#### Work request
Of the lines in the data below, count the ones holding the string "Definition", and answer with that number only.

Collected data entries:
=== Section Start ===

(* For all $n\ge2$ and $f_1,\dots,f_n:\mathscr{P}\to\mathbb{Q}$, $$f_1f_2\,|\,f_3\,|\,\cdots\,|\,f_n=f_1\,|\,f_2\,|\,\cdots\,|\,f_n+\sum_{A\sqcup B=\{3,\dots,n\}}\big(f_1\,|\,f_{A_1}\,|\,f_{A_2}\,|\,\cdots\big)\odot\big(f_2\,|\,f_{B_1}\,|\,f_{B_2}\,|\,\cdots\big),$$ where the sum is over ordered pairs $(A,B)$ of (possibly empty) disjoint sets with union $\{3,\dots,n\}$, $A_1,A_2,\dots$ enumerate the elements of $A$ and $B_1,B_2,\dots$ those of $B$, and a connected product with a single entry is that function itself.
   Context: $\mathscr{P}$ is the set of partitions. $f_1f_2$ is the pointwise product. Induced product: with $u_\lambda=\prod_{i:\lambda_i>0}u_{\lambda_i}$ and $\langle f\rangle_{\vec u}=\frac{\sum_\lambda f(\lambda)u_\lambda}{\sum_\lambda u_\lambda}\in\mathbb{Q}[[u_1,u_2,\dots]]$ (a linear bijection in $f$), $f\odot g$ is defined by $\langle f\odot g\rangle_{\vec u}=\langle f\rangle_{\vec u}\langle g\rangle_{\vec u}$. For functions $h_1,\dots,h_N$, the connected product is $h_1|\cdots|h_N=\sum_{\alpha\in\Pi(N)}\mu(\alpha,\mathbf{1})\bigodot_{C\in\alpha}h_C$, where $\Pi(N)$ is the set of set partitions of $\{1,\dots,N\}$, $\mu(\alpha,\mathbf{1})=(-1)^{\ell(\alpha)-1}(\ell(\alpha)-1)!$ with $\ell(\alpha)$ the number of blocks, and $h_C=\prod_{c\in C}h_c$ (pointwise). *)

From mathcomp Require Import all_boot all_order all_algebra.
Set Implicit Arguments. Unset Strict Implicit. Unset Printing Implicit Defensive.
Import Order.TTheory GRing.Theory Num.Theory.
Local Open Scope ring_scope.

Definition is_intpart (s : seq nat) : bool :=
  sorted geq s && all (fun i => (0 < i)%N) s.
Definition intpart := {s : seq nat | is_intpart s}.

=== Section End ===

#### Written reply
2